On December 31, 20X1, John owns a 50% partnership interest in which he has a $300,000 tax basis and no amount at risk. The calendar year partnership has one activity. In earlier years, John deducted ordinary losses of $25,000 from the partnership for which he was fully at risk. During 20X2, John receives a $50,000 distribution from the partnership and is allocated a tax loss of $100,000.
How much should be reported as income in 20X2? ____________________
How much should be reported as loss in 20X2? ____________________
How much loss is suspended and carried forward? ____________________
Answer :
a)Amount to be reported as income in 20X2 =$50,000
(Being the John receives $50,000 distribution from partnership during 20X2)

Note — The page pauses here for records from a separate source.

Lemma self_split_meet2_section (A B P : C) (a : ahom A M) (b : ahom B M) (p : ahom P M)
    (ra : ahom M A) (rb : ahom M B) (cb : ahom F B) :
  is_kernel d i -> self_split s i d -> ra ⊚ a = idm A -> rb ⊚ b = idm B ->
  b ⊚ cb = i -> is_meet2 b a p -> section p.
Proof.
move=> Hi Hss Ha Hb Hcb Hm; set e := idm M - b ⊚ rb.
have [L [l Hl]] := kernel_ex (d ⊚ (e ⊚ (a ⊚ ra))).
have [sl _] := Hss _ L l Hl.
have [_ [be Hbe] [al Hal] _] := Hm.
apply: (meet2_section Hm Ha sl).
  apply: (kernel_factor Hl); rewrite -acmpA -(acmpA e) -Hal proj_fix // Hal -Hbe.
  by rewrite proj_compl_kill // acmp0r.
have eeK : e ⊚ e = e by rewrite {2}/e acmpBr acmp_id proj_compl_kill // subr0.
have [y Hy] : factors_through (e ⊚ (a ⊚ ra) ⊚ l) i.
  by apply: (kernel_factor Hi); rewrite acmpA (proj1 Hl).
have el0 : e ⊚ (a ⊚ ra ⊚ l) = 0.
  by rewrite acmpA -eeK -(acmpA e e) -(acmpA e) -Hy -Hcb -acmpA proj_compl_kill.
exists (rb ⊚ (a ⊚ ra ⊚ l)); apply/eqP; rewrite acmpA eq_sym -subr_eq0.
by rewrite -{1}(id_acmp (a ⊚ ra ⊚ l)) -acmpBl el0.
Qed.

Lemma dual_self_split_section : short_exact i d -> dual_self_split s i d -> section i.
Proof.
move=> [mi _ _ Hd] Hds.
have [[v Hv] _] : cosummand s d by apply: (Hds (idm M)); rewrite id_acmp.
have [y Hy] := cokernel_split_factor Hd Hv mi (ex_intro _ (idm F) (acmp_id i)).
exists y; apply: mi.
by rewrite acmp_id acmpA Hy acmpBl id_acmp -acmpA (proj1 Hd) acmp0r subr0.
Qed.

Lemma dual_self_split_join2_section (A B P : C) (a : ahom A M) (b : ahom B M)
    (p : ahom P M) (ra : ahom M A) (rb : ahom M B) (cb : ahom B F) :
  dual_self_split s i d -> ra ⊚ a = idm A -> rb ⊚ b = idm B ->
  i ⊚ cb = b -> is_join2 b a p -> section p.
Proof.
move=> Hds Ha Hb Hcb Hj; set e := idm M - a ⊚ ra.
have [D [c Hc]] := cokernel_ex (e ⊚ (b ⊚ rb) ⊚ i).
have [[v Hv] _] := Hds _ D c Hc.
have [mp [be Hbe] [al Hal] _] := Hj.
have [y Hy] : factors_through (idm M - v ⊚ c) p.
  apply: (cokernel_split_factor Hc Hv mp).
  exists (be ⊚ (rb ⊚ i) - al ⊚ (ra ⊚ (b ⊚ (rb ⊚ i)))).
  by rewrite acmpBr !acmpA Hbe Hal /e acmpBl id_acmp !acmpBl.
have ceb : c ⊚ (e ⊚ b) = 0.
  apply: (cokernel_kills Hc); exists cb.
  by rewrite -!acmpA Hcb Hb acmp_id.
apply: (join2_section Hj Ha (y := y)).
by rewrite Hy acmpBl id_acmp -acmpA ceb acmp0r subr0.
Qed.

Section Families.
Variables (I : finType) (K : I -> C) (k : forall j, ahom (K j) M).
Hypothesis sk : forall j, section (k j).

Lemma self_split_meet_seq_section :
  is_kernel d i -> self_split s i d -> (forall j, factors_through i (k j)) ->
  forall r, exists (P : C) (p : ahom P M), is_meet_seq k r p /\ section p.
Proof.
move=> Hi Hss ik; elim=> [|j r [P' [p' [[mp' p'k Hu'] [r' Hr']]]]].
  exists M, (idm M); split; last by exists (idm M); rewrite id_acmp.
  split=> [X g h | // | X x _]; first by rewrite !id_acmp.
  by exists x; rewrite id_acmp.
have [rb Hrb] := sk j; have [cb Hcb] := ik j.
have [P [p Hm]] := meet2_ex (section_mono (sk j)) mp'.
exists P, p; split; last exact: self_split_meet2_section Hi Hss Hr' Hrb Hcb Hm.
have [mp pj [a Ha] Hu] := Hm; split=> // [j' | X x Hx].
  rewrite inE => /predU1P [-> // | /p'k [c Hc]].
  by exists (c ⊚ a); rewrite acmpA Hc Ha.
apply: Hu; first by apply: Hx; rewrite inE eqxx.
by apply: Hu' => j' j'r; apply: Hx; rewrite inE j'r orbT.
Qed.

Lemma self_split_meet_section (P : C) (p : ahom P M) :
  is_kernel d i -> self_split s i d -> (forall j, factors_through i (k j)) ->
  is_meet k p -> section p.
Proof.
move=> Hi Hss ik [mp pk Hu].
have [P0 [p0 [[_ p0k Hu0] sp0]]] := self_split_meet_seq_section Hi Hss ik (enum I).
have [a Ha] : factors_through p p0 by apply: Hu0 => j _; apply: pk.
have [b Hb] : factors_through p0 p by apply: Hu => j; apply: p0k; rewrite mem_enum.
exact: section_subobject_eq mp Ha Hb sp0.
Qed.

Lemma dual_self_split_join_seq_section :
  dual_self_split s i d -> (forall j, factors_through (k j) i) ->
  forall r, exists (P : C) (p : ahom P M), is_join_seq k r p /\ section p.
Proof.
move=> Hds ki; elim=> [|j r [P' [p' [[mp' p'k Hu'] [r' Hr']]]]].
  have [Z HZ] := zero_object_ex.
  exists Z, 0; split; last by exists 0; apply: (proj1 (HZ Z)).
  split=> [X g h _ | // | X x _ _]; first exact: (proj2 (HZ X)).
  by exists 0; rewrite acmp0r.
have [rb Hrb] := sk j; have [cb Hcb] := ki j.
have [P [p Hj]] := join2_ex (k j) p'.
exists P, p; split; last exact: dual_self_split_join2_section Hds Hr' Hrb Hcb Hj.
have [mp pj [a Ha] Hu] := Hj; split=> // [j' | X x mx Hx].
  rewrite inE => /predU1P [-> // | /p'k [c Hc]].
  by exists (a ⊚ c); rewrite acmpA Ha Hc.
apply: Hu => //; first by apply: Hx; rewrite inE eqxx.
by apply: Hu' => // j' j'r; apply: Hx; rewrite inE j'r orbT.
Qed.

b)Amount to be reported as loss in 20X2 =$100,000
( Being tax loss allocated in 20X2)
c)Amount of total partnership interest=(opening interest + distribution from partnership - amount already deducted as losses) = ($300,000+$50,000-$25000) =$325,000.
Tax payer can deduct the tax loss to the extent of Total Partnership interest and any remaining loss can be carried forward until he has positive partnership interest.
John has tax loss of $ 100,000. Hence he can deduct the entire $ 100,000 as it is with in the limit of $325,000.
Amount to be suspended and carried forward will be Nil.